In his wonderfully erudite and happily atheoretical new monograph, American Heretics: Religious Adversaries of Liberal Order, Jerome Copulsky provides an important contribution to these swirling meta-debates and contextualizes contemporary ideational currents in a unique and pleasingly balanced way. In doing so, he manages to (mostly) avoid wading directly into these discussions directly. The words that introduced this review are largely absent from this text – Copulsky is much richer in approach than that.
Rather, he weaves a deeply-sourced and wide-ranging tale of persistent and repeated challenges to the mainstream status quo of America’s social and political orders across the nation’s entire lifespan. In doing so, he finds a sustained pattern in which the motivations for discontent, the nature of critique, and the tenor of radicalism share important resemblances over the years, even as the substance and details have changed remarkably across several centuries of shared, and sometimes tenuous, republican life. And for all this, while his focus is squarely on religion in America, his historical pattern-matching bleeds into a far more thoroughgoing account of contest over state and nation, political and social order, and evolving dynamics therein.
The Heretical American
Copulsky’s book is framed narrowly as an intervention into long-running debates about religion in America. Specifically, whether the American founding was one of secular rationalism or religiously-inspired and perhaps even divinely-countenanced intention, and what that has meant for American politics since. The project of the book is to explore one element of that question: the religiously discontented who have challenged or rejected mainstream interpretations of America’s church-state relationship as it existed at different points in our history. In essence, his subjects are those who engage in active intellectual and political resistance, seeking to revise the generally agreed upon status and reception of religion in American social and political order as it existed in their respective times. These are ultimately “heresies” against the broad, and slowly evolving, political-religious settlement that has grounded the country for over two hundred years.
His eponymous “American Heretics” are therefore thinkers, politicians, activists, and social movements that aligned themselves against the received wisdom of America’s self-understood ordering principles. In many cases, they sought to change – or even reject – the constitutional order of the Founders. In others, to revive and rejuvenate social order along explicitly religious lines, seeking to shift off a perceived path taken by the American state away from the good. He considers these to be challenges to a broad “liberal order.”
There is merit to frontloading the liberal component (not least because so many of these figures inveighed against their own era’s contextually understood “liberalism”). But in many ways, we can better understand these heresies rather as religiously-inflected challengers to a given era’s dominant schema of national identity, to the concept of American nationhood itself, and to the evolving matrix of established social and political order that defines the developing American nation-state. That something like liberalism is itself a constituent piece of the national settlement is in fact both a common through-line within the heretics’ own views (seen negatively) and a common assumption of liberals themselves today (here, positively).

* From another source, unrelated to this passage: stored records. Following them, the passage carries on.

Lemma char_poly_Unext2_node_singular :
  E.[a * r1 k] * G =
  - (1 + b * r1 k) * \prod_j (r1 k - a * r0 j) * \prod_(j | j != k) (a + b * r1 j).
Proof.
apply: (mulfI (mulf_neq0 a_neq0 b_neq0)).
transitivity (a * b * E.[a * r1 k] * G); first by ring.
transitivity (- a * (1 + b * r1 k) *
  (b * \prod_j (r1 k - a * r0 j) * \prod_(j | j != k) (a + b * r1 j))); last by ring.
by rewrite horner_char_poly_Unext2_singular prod_node_singular; ring.
Qed.

End SingularNode.

Lemma char_poly_Unext2_node k :
  E.[a * r1 k] * G =
  - (1 + b * r1 k) * \prod_j (r1 k - a * r0 j) * \prod_(j | j != k) (a + b * r1 j).
Proof.
have [singular|regular] := eqVneq (a + b * r1 k) 0.
  exact: char_poly_Unext2_node_singular.
exact: char_poly_Unext2_node_regular.
Qed.

End Nodes.

End RankOneDynamics.

Section Proposition.
Variables (R : realType) (n : nat) (a b : R[i]) (z : nat -> 'I_n.+1 -> R[i]).
Local Notation N := n.+1.
Hypothesis a_neq0 : a != 0.
Hypothesis b_neq0 : b != 0.
Hypothesis z_inj : forall l, injective (z l).
Hypothesis z_regular : forall l k, 1 + b * z l k != 0.
Hypothesis B_unit : ((a - 1)%:M + b *: V0 a b z) \in unitmx.
Hypothesis step_roots : forall l, step_poly a b z l = \prod_k ('X - (z l.+2 k)%:P).

Let w : 'rV[R[i]]_N := \row_m (v0 a b z m / (1 + b * z 0%N m)).

Lemma V0E : V0 a b z = const_mx 1 *m w.
Proof. by apply/matrixP => i j; rewrite !mxE big_ord1 !mxE mul1r. Qed.
Section Uniqueness.
Context {R : numClosedFieldType}.
Implicit Types (a b c d q z : R) (p : {poly R}).

(* (sqrtC 'i * m)^4 = - m^4 < 0, so none of the regularity conditions can fail. *)
Lemma aw_regular_sqr_zeta q (n : nat) : 0 < q ->
  aw_regular (q ^+ 2) ((sqrtC 'i * n.+1%:R) ^+ 2).
Proof.
move=> q_gt0; set N := n.+1%:R : R.
have N_gt0 : 0 < N ^+ 4 by rewrite exprn_gt0 ?ltr0Sn.
have z4 : ((sqrtC 'i * N) ^+ 2) ^+ 2 = - N ^+ 4.
  by rewrite -exprM exprMn (exprM (sqrtC 'i) 2 2) sqrtCK sqrCi mulN1r.
rewrite /aw_regular z4; split.
- by rewrite expf_neq0 // mulf_neq0 ?sqrtC_eq0 ?neq0Ci // gt_eqF ?ltr0Sn.
- by rewrite opprK gt_eqF // addr_gt0.
- by rewrite mulrN opprK gt_eqF // addr_gt0 // mulr_gt0 // exprn_gt0.
by rewrite lt_eqF // -opprD oppr_lt0 addr_gt0 // exprn_gt0.
Qed.

Lemma poly_eq0_on_aw_regular q p : 0 < q ->
  (forall z, aw_regular (q ^+ 2) (z ^+ 2) -> p.[joukowski z] = 0) -> p = 0.
Proof.
move=> q_gt0 vanish; apply/eqP; apply: contraT => p0.
pose pt (i : nat) : R := sqrtC 'i * i.+1%:R.
have pt_neq0 i : pt i != 0 by rewrite mulf_neq0 ?sqrtC_eq0 ?neq0Ci // pnatr_eq0.
have ptM i j : pt i * pt j = 'i * (i.+1 * j.+1)%:R by rewrite mulrACA -expr2 sqrtCK natrM.
have ptM_neq1 i j : pt i * pt j != 1.
  apply/negP => /eqP E; have : ('i * (i.+1 * j.+1)%:R) ^+ 2 = 1 :> R by rewrite -ptM E expr1n.
  rewrite exprMn sqrCi mulN1r => /eqP; rewrite lt_eqF // (lt_trans _ ltr01) //.
  by rewrite oppr_lt0 exprn_gt0 // ltr0n muln_gt0.
have := max_poly_roots p0 (rs := [seq joukowski (pt i) | i <- iota 0 (size p)]).
rewrite size_map size_iota ltnn; apply.
  by apply/allP => _ /mapP[i _ ->]; apply/eqP/vanish/aw_regular_sqr_zeta.
rewrite map_inj_in_uniq ?iota_uniq // => i j _ _ Jij.
have /mulfI ij := joukowski_inj _ _ (pt_neq0 i) (pt_neq0 j) (ptM_neq1 i j) Jij.
by apply/eqP; rewrite -eqSS -(eqr_nat R) ij // sqrtC_eq0 neq0Ci.
Qed.

Lemma aw_op_eigen_eq0 a b c d q N p : a != 0 -> 0 < q -> (size p <= N)%N ->
  (forall m, (m < N)%N -> aw_eigval q (a * b * c * d) m != aw_eigval q (a * b * c * d) N) ->
  (forall z, aw_regular (q ^+ 2) (z ^+ 2) ->
     aw_op a b c d q p z = aw_eigval q (a * b * c * d) N * p.[joukowski z]) ->
  p = 0.
Proof.
move=> a0 q_gt0 spN lam_neq eigen; apply/eqP; apply: contraT => p0.
set lam := aw_eigval q (a * b * c * d) in lam_neq eigen.
have sp : size p = (size p).-1.+1 by rewrite prednK // size_poly_gt0.
set m := (size p).-1 in sp; have mN : (m < N)%N by rewrite -sp.
have [s sm op_p] := aw_op_triangular a b c d q m p a0 (lt0r_neq0 q_gt0) (eq_leq sp).
have : (lam N - lam m) *: p - s = 0.
  apply: (poly_eq0_on_aw_regular _ _ q_gt0) => z zreg.
  have := eigen z zreg; rewrite op_p => [E|]; last exact: aw_regular_sqr zreg.
  rewrite hornerD hornerN hornerZ.
  transitivity (lam N * p.[joukowski z] - (lam m * p.[joukowski z] + s.[joukowski z])).
    by ring.
  by rewrite E subrr.
move/(congr1 (coefp m)); rewrite /= coefB coefZ coef0 (nth_default _ sm) subr0.
move/eqP; rewrite mulf_eq0 subr_eq0 eq_sym (negPf (lam_neq m mN)) /=.
by rewrite -lead_coefE lead_coef_eq0 (negPf p0).
Qed.

Lemma qpoch_qq_neq0 q n : 0 < q -> q < 1 -> qpoch q q n != 0.
Proof.
move=> q_gt0 q_lt1; apply/prodf_neq0 => j _.
by rewrite -exprS subr_eq0 eq_sym lt_eqF // exprn_ilt1 ?ltW.
Qed.

Lemma aw_eigval_neq q s m N : 0 < q -> q < 1 -> (m < N)%N ->
  qpoch (s * q ^ (N%:Z - 1)) q N != 0 -> aw_eigval q s m != aw_eigval q s N.
Proof.
move=> q_gt0 q_lt1 mN nz; have q0 := lt0r_neq0 q_gt0.
have := qpoch_factor_neq0 mN nz; rewrite expfz_pred //.
have qNm : q ^+ (N - m) - 1 != 0.
  by rewrite subr_eq0 lt_eqF // exprn_ilt1 ?ltW // subn_eq0 -ltnNge.
have [Qm QNm] : q ^+ m != 0 /\ q ^+ (N - m) != 0 by rewrite !expf_neq0.
rewrite /aw_eigval -(subnKC (ltnW mN)) exprD => f; rewrite -subr_eq0.
set Q := q ^+ m in f Qm *; set P := q ^+ (N - m) in qNm QNm f *.
have -> : ((Q ^-1 - 1) * (1 - s * Q / q) - ((Q * P)^-1 - 1) * (1 - s * (Q * P) / q))
  = (P - 1) / (Q * P) * (1 - s * (Q * P / q) * Q) by field_nz.
by rewrite !mulf_neq0 ?invr_eq0 // mulf_neq0.
Qed.

Lemma aw_poly_unique a b c d q N p : 0 < q -> q < 1 -> AW_generic N a b c d q ->
  size p = N.+1 -> p \is monic ->
  (forall z, aw_regular (q ^+ 2) (z ^+ 2) ->
     aw_op a b c d q p z = aw_eigval q (a * b * c * d) N * p.[joukowski z]) ->
  p = aw_poly a b c d q N.
Proof.
move=> q_gt0 q_lt1 gen sp /monicP mp eigen.
have q0 := lt0r_neq0 q_gt0; have nzq := qpoch_qq_neq0 q N q_gt0 q_lt1.
have [a0 _ _ _ nzabcd] := gen.
apply/eqP; rewrite -subr_eq0; apply/eqP.
apply: (aw_op_eigen_eq0 a b c d q N _ a0 q_gt0).
- have := size_sub_lead _ _ _ (size_aw_poly a b c d q N q0 gen nzq) (eq_leq sp).
  have pN : p`_N = 1 by rewrite -mp lead_coefE sp.
  by rewrite pN (monicP (aw_poly_monic a b c d q N q0 gen nzq)) divr1 scale1r.
- by move=> m mN; apply: aw_eigval_neq.
move=> z zreg; have zreg1 := aw_regular_sqr zreg.
by rewrite aw_opB eigen // aw_op_aw_poly // hornerD hornerN mulrBr.
Qed.

Lemma qpoch_sqr_neq0 q n : 0 < q -> q < 1 -> qpoch (q ^+ 2) (q ^+ 2) n != 0.
Proof. by move=> q_gt0 q_lt1; rewrite qpoch_qq_neq0 ?exprn_gt0 ?exprn_ilt1 ?ltW. Qed.

Lemma aw_poly_even a b q n : 0 < q -> q < 1 ->
  AW_generic (2 * n) a b (- a) (- b) q ->
  AW_generic n (a ^+ 2) (b ^+ 2) (-1) (- q) (q ^+ 2) ->
  aw_poly a b (- a) (- b) q (2 * n)
  = aw_poly (a ^+ 2) (b ^+ 2) (-1) (- q) (q ^+ 2) n \Po chebyshev2.
Proof.
move=> q_gt0 q_lt1 gen gen2; have q0 := lt0r_neq0 q_gt0.
have q20 : q ^+ 2 != 0 by rewrite expf_neq0.
have nzq2 := qpoch_sqr_neq0 q n q_gt0 q_lt1.
symmetry; apply: aw_poly_unique => //.
- exact/size_comp_chebyshev2/size_aw_poly.
- exact/monic_comp_chebyshev2/aw_poly_monic.
move=> z zreg; have [z0 _ _ _] := aw_regular_sqr zreg.
by rewrite aw_op_comp_even // aw_op_aw_poly // aw_eigval_even // horner_comp_chebyshev2.
Qed.

Lemma aw_poly_odd a b q n : 0 < q -> q < 1 ->
  AW_generic (2 * n).+1 a b (- a) (- b) q ->
  AW_generic n (a ^+ 2) (b ^+ 2) (- q) (- q ^+ 2) (q ^+ 2) ->
  aw_poly a b (- a) (- b) q (2 * n).+1
  = (aw_poly (a ^+ 2) (b ^+ 2) (- q) (- q ^+ 2) (q ^+ 2) n \Po chebyshev2) * 'X.
Proof.
move=> q_gt0 q_lt1 gen gen2; have q0 := lt0r_neq0 q_gt0.
have q20 : q ^+ 2 != 0 by rewrite expf_neq0.
have nzq2 := qpoch_sqr_neq0 q n q_gt0 q_lt1.
have monicG := monic_comp_chebyshev2 _ (aw_poly_monic _ _ _ _ _ _ q20 gen2 nzq2).
symmetry; apply: aw_poly_unique => //.
- rewrite size_mulX ?monic_neq0 //; congr _.+1.
  exact/size_comp_chebyshev2/size_aw_poly.
- by rewrite monicMr ?monicX.
move=> z zreg; have [z0 _ _ _] := aw_regular_sqr zreg.
rewrite aw_op_comp_odd // aw_op_aw_poly // -aw_eigval_odd // hornerMX.
by rewrite horner_comp_chebyshev2 //; ring.
Qed.

End Uniqueness.

Theorem mainTheorem5 (R : numClosedFieldType) (q a b : R) (n : nat) :
  0 < q -> q < 1 -> a != 0 -> b != 0 ->
  AW_generic (2 * n) a b (- a) (- b) q ->
  AW_generic (2 * n).+1 a b (- a) (- b) q ->
  AW_generic n (a ^+ 2) (b ^+ 2) (-1) (- q) (q ^+ 2) ->
  AW_generic n (a ^+ 2) (b ^+ 2) (- q) (- q ^+ 2) (q ^+ 2) ->
  forall z : R, z != 0 ->
    AW (2 * n) z a b (- a) (- b) q
      = AW n (z ^+ 2) (a ^+ 2) (b ^+ 2) (-1) (- q) (q ^+ 2)
    /\ AW (2 * n).+1 z a b (- a) (- b) q
      = (z + z^-1) * AW n (z ^+ 2) (a ^+ 2) (b ^+ 2) (- q) (- q ^+ 2) (q ^+ 2).
Proof.
move=> q_gt0 q_lt1 _ _ genE genO genE2 genO2 z z0.
rewrite !AW_horner ?expf_neq0 // aw_poly_even // aw_poly_odd //.
by rewrite hornerMX !horner_comp_chebyshev2 // mulrC.
Qed.
(* Let $G=(V,E,w)$ be an edge-weighted graph with positive rational weights, no isolated vertices and maximum degree $\Delta$. The greedy algorithm applied to $U=V$ and the function $g(A)=h(A)+\frac1L f(A)$ returns a WPPITDS $S$ with $$|S|\le\Big(1+\ln\big(\tfrac32\cdot L\cdot W+\Delta\big)\Big)\cdot|S^*|,$$ where $S^*$ is a minimum-cardinality WPPITDS.
   Context: $N_A(v)=N(v)\cap A$, $W_A(v)=\sum_{u\in N_A(v)}w_{(v,u)}$, $W(v)=W_V(v)$, $W=\max_v W(v)$. $h(A)=\sum_{v\in V}h_A(v)$ with $h_A(v)=W(v)/2$ if $v\in A$ or $W_A(v)\ge W(v)/2$, and $h_A(v)=W_A(v)$ otherwise. $f(A)=\sum_{v\in V}\delta_A(v)$ with $\delta_A(v)=1$ if $|N_A(v)|>0$ and $0$ otherwise. For $v$ with incident edge weights $w_1,\dots,w_d$, write $w_0=W(v)/2$ and each $w_i$ as a reduced fraction $p_i/q_i$; $l(v)=\mathrm{lcm}\{q_0,\dots,q_d\}$, $L=\max_v l(v)$. The greedy algorithm: start with $S=\emptyset$; while some $u\in V\setminus S$ has $g(S\cup\{u\})-g(S)>0$, add to $S$ an element maximizing this increment (ties arbitrary); return $S$. A WPPITDS is a set $S\subseteq V$ such that every $v\in V\setminus S$ satisfies $W_S(v)\ge W(v)/2$ and every vertex of $S$ has at least one neighbor in $S$. *)

From HB Require Import structures.
From mathcomp Require Import all_boot all_order all_algebra.
From mathcomp Require Import reals exp.
Set Implicit Arguments. Unset Strict Implicit. Unset Printing Implicit Defensive.
Import Order.TTheory GRing.Theory Num.Theory.
Local Open Scope ring_scope.

Section WPPITDS.
Variables (V : finType) (adj : rel V) (w : V -> V -> rat).

Definition nbhA (A : {set V}) (v : V) : {set V} := [set u in A | adj v u].
Definition WA (A : {set V}) (v : V) : rat := \sum_(u in nbhA A v) w v u.
Definition Wv (v : V) : rat := WA [set: V] v.
Definition Wmax : rat := \big[Num.max/0]_(v : V) Wv v.
Definition Delta : nat := \max_(v : V) #|nbhA [set: V] v|.

Definition hA (A : {set V}) (v : V) : rat :=
  if (v \in A) || (Wv v / 2%:R <= WA A v) then Wv v / 2%:R else WA A v.
Definition h (A : {set V}) : rat := \sum_(v : V) hA A v.
Definition f (A : {set V}) : nat := \sum_(v : V) (nbhA A v != set0 : nat).

Definition den (x : rat) : nat := `|denq x|%N.
Definition lv (v : V) : nat :=
  lcmn (den (Wv v / 2%:R)) (\big[lcmn/1%N]_(u in nbhA [set: V] v) den (w v u)).
Definition Lmax : nat := \max_(v : V) lv v.

Definition g (A : {set V}) : rat := h A + (f A)%:R / (Lmax)%:R.

Definition gain (S : {set V}) (u : V) : rat := g (u |: S) - g S.

(* Possible states of the greedy algorithm (ties broken arbitrarily). *)
Inductive greedy_reach : {set V} -> Prop :=
| greedy_start : greedy_reach set0
| greedy_step (S : {set V}) (u : V) :
    greedy_reach S -> u \notin S -> 0 < gain S u ->
    (forall u', u' \notin S -> gain S u' <= gain S u) ->
    greedy_reach (u |: S).

Definition greedy_output (S : {set V}) : Prop :=
  greedy_reach S /\ forall u, u \notin S -> ~ (0 < gain S u).

Definition is_WPPITDS (S : {set V}) : Prop :=
  (forall v, v \notin S -> Wv v / 2%:R <= WA S v) /\
  (forall v, v \in S -> nbhA S v != set0).

Definition min_WPPITDS (S : {set V}) : Prop :=
  is_WPPITDS S /\ forall T, is_WPPITDS T -> (#|S| <= #|T|)%N.

End WPPITDS.

From HB Require Import structures.
From mathcomp Require Import all_boot all_order all_algebra.
From mathcomp Require Import reals exp.
From mathcomp Require Import ring lra.
Import Order.TTheory GRing.Theory Num.Theory.
Local Open Scope ring_scope.

(* h and f are sums, over the vertices v, of truncated sums
   min(c_v, sum_{u in A} a_v(u)) with nonnegative weights a_v; hence g is
   monotone and submodular.  The data of the h-part at v are multiples of
   1/l(v) and those of the f-part are integers, so every positive gain of g is
   at least 1/L.  Greedy stops only at a WPPITDS, and every WPPITDS attains the
   maximum g(V).  By submodularity a greedy step recovers at least a 1/|S*|
   fraction of the deficit L(g(V) - g(S)), and at least 1; Wolsey's potential
   argument turns this into |S| <= |S*| (1 + ln (L(g(V) - g(empty)) / |S*|)),
   and L(g(V) - g(empty)) <= |S*| max_x L g({x}) <= |S*| (3/2 L W + Delta). *)

Lemma ln_ge_1BV {R : realType} {y : R} : 0 < y -> 1 - y^-1 <= ln y.
Proof.
move=> y_gt0; have := @le_ln1Dx R (y^-1 - 1).
have -> : 1 + (y^-1 - 1) = y^-1 by ring.
rewrite lnV ?posrE // ltrBrDr addNr invr_gt0 => /(_ y_gt0); lra.
Qed.

Section WolseyPotential.
Context {R : realType}.
Implicit Types m r s B : R.

(* Wolsey's potential: its slope at r is min(1, m/r), while a greedy step
   lowers the deficit r by at least max(1, r/m). *)
Definition potential m r := if r <= m then r else m * (1 + ln (r / m)).

Lemma potential_small m r : r <= m -> potential m r = r.
Proof. by rewrite /potential => ->. Qed.

Lemma potential_large m r : m < r -> potential m r = m * (1 + ln (r / m)).
Proof. by rewrite /potential ltNge => /negbTE ->. Qed.

Lemma potential_step {m r s} : 0 < m -> 1 <= r - s -> r <= m * (r - s) ->
  potential m s + 1 <= potential m r.
Proof.
move=> m_gt0 drop_ge1 r_le.
have [r_le_m|m_lt_r] := leP r m.
  by rewrite !potential_small //; lra.
have r_gt0 : 0 < r by lra.
have ln_r := ln_ge_1BV (divr_gt0 r_gt0 m_gt0); rewrite invf_div in ln_r.
rewrite [potential m r]potential_large //; have [s_le_m|m_lt_s] := leP s m.
- rewrite potential_small //.
  have frac_le1 : m / r <= 1 by rewrite ler_pdivrMr // mul1r; lra.
  have drop_frac : 1 <= (r - s) * (m / r) by rewrite mulrA ler_pdivlMr // mul1r mulrC.
  have shrink : (m - s) * (m / r) <= m - s by rewrite ler_piMr //; lra.
  have ln_m : m * (1 - m / r) <= m * ln (r / m) by apply: ler_wpM2l; lra.
  have e1 : m * (1 - m / r) = (r - m) * (m / r) by field; lra.
  have e2 : (r - s) * (m / r) = (m - s) * (m / r) + (r - m) * (m / r) by ring.
  lra.
- have s_gt0 : 0 < s by lra.
  rewrite potential_large //.
  have -> : ln (r / m) = ln (s / m) + ln (r / s).
    by rewrite -lnM ?posrE ?divr_gt0 //; congr ln; field; lra.
  have ln_rs := ln_ge_1BV (divr_gt0 r_gt0 s_gt0); rewrite invf_div in ln_rs.
  have drop : 1 <= m * (1 - s / r).
    have -> : m * (1 - s / r) = m * (r - s) / r by field; lra.
    by rewrite ler_pdivlMr // mul1r.
  have ln_m : m * (1 - s / r) <= m * ln (r / s) by apply: ler_wpM2l; lra.
  lra.
Qed.

Lemma potential_le {m r B} : 0 < m -> 1 <= B -> r <= m * B ->
  potential m r <= m * (1 + ln B).
Proof.
move=> m_gt0 B_ge1 r_le; have [r_le_m|m_lt_r] := leP r m.
  by rewrite potential_small //; have := ln_ge0 B_ge1; nra.
rewrite potential_large // ler_pM2l // lerD2l ler_ln ?posrE ?divr_gt0 //; try lra.
by rewrite ler_pdivrMr // mulrC.
Qed.

End WolseyPotential.

Lemma ler_sum_subset {R : numDomainType} {T : finType} {a : T -> R} {A B : {set T}} :
  (forall u, 0 <= a u) -> A \subset B -> \sum_(u in A) a u <= \sum_(u in B) a u.
Proof.
move=> a_ge0 /subsetP sAB; rewrite [leLHS]big_mkcond [leRHS]big_mkcond.
apply: ler_sum => u _; case: ifP => [/sAB -> //|_]; by case: ifP.
Qed.

Definition trunc_sum {R : realFieldType} {T : finType} (c : R) (a : T -> R) (A : {set T}) : R :=
  Num.min c (\sum_(u in A) a u).

Section TruncatedSum.
Context {R : realFieldType} {T : finType} {c : R} {a : T -> R}.
Implicit Types (A B : {set T}) (u : T).
Local Notation trunc_sum := (trunc_sum c a).

Lemma trunc_sum_capped A : c <= \sum_(u in A) a u -> trunc_sum A = c.
Proof. exact: min_l. Qed.

Lemma trunc_sum_uncapped A : \sum_(u in A) a u <= c -> trunc_sum A = \sum_(u in A) a u.
Proof. exact: min_r. Qed.

Lemma trunc_sum_le_sum A : trunc_sum A <= \sum_(u in A) a u.
Proof. by rewrite ge_min lexx orbT. Qed.

Hypothesis a_ge0 : forall u, 0 <= a u.

Lemma trunc_sum_ge0 A : 0 <= c -> 0 <= trunc_sum A.
Proof. by move=> c_ge0; rewrite le_min c_ge0 sumr_ge0. Qed.

Lemma le_trunc_sum A B : A \subset B -> trunc_sum A <= trunc_sum B.
Proof. by move=> sAB; rewrite le_min2 // ler_sum_subset. Qed.

Lemma trunc_sum_setU1_ge0 A u : 0 <= trunc_sum (u |: A) - trunc_sum A.
Proof. by rewrite subr_ge0 le_trunc_sum ?subsetUr. Qed.

Lemma trunc_sum_submod A B u : A \subset B ->
  trunc_sum (u |: B) - trunc_sum B <= trunc_sum (u |: A) - trunc_sum A.
Proof.
move=> sAB; have [uB|uB] := boolP (u \in B).
  by rewrite (setUidPr _) ?sub1set // subrr subr_ge0 le_trunc_sum ?subsetUr.
have uA : u \notin A by apply: contra uB; apply: (subsetP sAB).
have := a_ge0 u; have := ler_sum_subset a_ge0 sAB; rewrite /trunc_sum !big_setU1 //=.
rewrite /Num.min /Order.min; do 4 case: ifP; lra.
Qed.

Lemma trunc_sum_lt_setU1 A u : u \notin A -> 0 < a u -> trunc_sum A < c ->
  trunc_sum A < trunc_sum (u |: A).
Proof.
move=> uA au_gt0; rewrite /trunc_sum big_setU1 //= /Num.min /Order.min.
do 2 case: ifP; lra.
Qed.

End TruncatedSum.

Definition on_grid {R : archiRealFieldType} (l : nat) (x : R) := x * l%:R \is a Num.int.

Section Granularity.
Context {R : archiRealFieldType} {l : nat}.
Implicit Types x y : R.
Local Notation on_grid := (@on_grid R l).

Lemma on_grid0 : on_grid 0.
Proof. by rewrite /on_grid mul0r rpred0. Qed.

Lemma on_gridD x y : on_grid x -> on_grid y -> on_grid (x + y).
Proof. by rewrite /on_grid mulrDl; apply: rpredD. Qed.

Lemma on_gridB x y : on_grid x -> on_grid y -> on_grid (x - y).
Proof. by rewrite /on_grid mulrBl; apply: rpredB. Qed.

Lemma on_grid_sum (T : finType) (P : pred T) (F : T -> R) :
  (forall i, P i -> on_grid (F i)) -> on_grid (\sum_(i | P i) F i).
Proof. by move=> F_grid; elim/big_ind: _ => //; [apply: on_grid0 | apply: on_gridD]. Qed.

Lemma on_grid_trunc_sum (T : finType) c (a : T -> R) (A : {set T}) :
  on_grid c -> (forall u, on_grid (a u)) -> on_grid (trunc_sum c a A).
Proof.
move=> c_grid a_grid; rewrite /trunc_sum /Num.min /Order.min.
by case: ifP => _ //; apply: on_grid_sum.
Qed.

Lemma on_grid_ge_invn x : (0 < l)%N -> on_grid x -> 0 < x -> l%:R^-1 <= x.
Proof.
move=> l_gt0 x_grid x_gt0; have l_pos : 0 < l%:R :> R by rewrite ltr0n.
have xl_gt0 : 0 < x * l%:R by rewrite mulr_gt0.
rewrite -div1r ler_pdivrMr // -(gtr0_norm xl_gt0) norm_intr_ge1 // gt_eqF //.
Qed.

End Granularity.

Lemma on_grid_den (l : nat) (x : rat) : (den x %| l)%N -> on_grid l x.
Proof.
move=> /dvdnP [k ->]; rewrite /on_grid natrM /den natr_absz gtr0_norm ?denq_gt0 //.
by rewrite mulrCA -numqE rpredM ?intr_int ?natr_int.
Qed.

Section Graph.
Variables (V : finType) (adj : rel V) (w : V -> V -> rat).
Hypotheses (adj_sym : symmetric adj) (w_sym : forall u v, w u v = w v u)
  (w_pos : forall u v, adj u v -> 0 < w u v)
  (no_isolated : forall v, exists u, adj v u).
Implicit Types (A B T D : {set V}) (u v x : V).

Local Notation W := (Wv adj w).
Local Notation L := ((Lmax adj w)%:R : rat).

Definition edge_weight v u : rat := if adj v u then w v u else 0.
Definition half_weight v : rat := W v / 2%:R.
(* With these weights h_A(v) = min(W(v)/2, W_A(v) + [v in A] W(v)/2) and
   delta_A(v) = min(1, |N_A(v)|) are truncated sums. *)
Definition h_weight v u : rat := edge_weight v u + (u == v)%:R * half_weight v.
Definition adj_weight v u : rat := (adj v u)%:R.

Local Notation h_at v A := (trunc_sum (half_weight v) (h_weight v) A : rat).
Local Notation f_at v A := (trunc_sum 1 (adj_weight v) A : rat).

Lemma edge_weight_ge0 v u : 0 <= edge_weight v u.
Proof. by rewrite /edge_weight; case: ifP => // /w_pos/ltW. Qed.

Lemma edge_weight_sym u v : edge_weight u v = edge_weight v u.
Proof. by rewrite /edge_weight adj_sym w_sym. Qed.

Lemma WA_edge_weightE A v : WA adj w A v = \sum_(u in A) edge_weight v u.
Proof.
rewrite /WA /nbhA big_mkcond [RHS]big_mkcond; apply: eq_bigr => u _.
by rewrite inE /edge_weight; case: (u \in A); case: (adj v u).
Qed.

Lemma WA_ge0 A v : 0 <= WA adj w A v.
Proof. by rewrite WA_edge_weightE sumr_ge0 // => u _; apply: edge_weight_ge0. Qed.

Lemma W_gt0 v : 0 < W v.
Proof.
have [u vu] := no_isolated v.
rewrite /Wv WA_edge_weightE (bigD1 u) //=; apply: lt_le_trans (w_pos _ _ vu) _.
by rewrite {1}/edge_weight vu lerDl sumr_ge0 // => x _; apply: edge_weight_ge0.
Qed.

Lemma half_weight_ge0 v : 0 <= half_weight v.
Proof. by rewrite divr_ge0 ?WA_ge0. Qed.

Lemma h_weight_ge0 v u : 0 <= h_weight v u.
Proof. by rewrite addr_ge0 ?edge_weight_ge0 // mulr_ge0 ?ler0n ?half_weight_ge0. Qed.

Lemma adj_weight_ge0 v u : 0 <= adj_weight v u.
Proof. exact: ler0n. Qed.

Nowhere is the issue simply a fight over a particular point of theology or denominationalism, but always how religion (and the values, virtues, traditions, and teleological orientations toward the public good it entails) interacts with the evolution, maturation, or degeneration of the American nation and its deep interaction with the state, social order, and regime itself. These aren’t simply, or even primarily, theological heretics – but national heretics.
By highlighting sharp religious critics who weigh in on the state of politics and society, Copulsky ultimately provides an image of a changing nation, defined in part by contests over how religious imperatives interact with the ‘who are we and how should we live’ question. A fundamental issue that is as old as the Revolution and its immediate aftermath, transformed as it was tested in sectional, civil, and ethnocultural strife in the 19th century, and continued evolving over the nominally secularizing 20th century and into the unfolding era of doubt, decay, and reaction that characterizes the early 21st.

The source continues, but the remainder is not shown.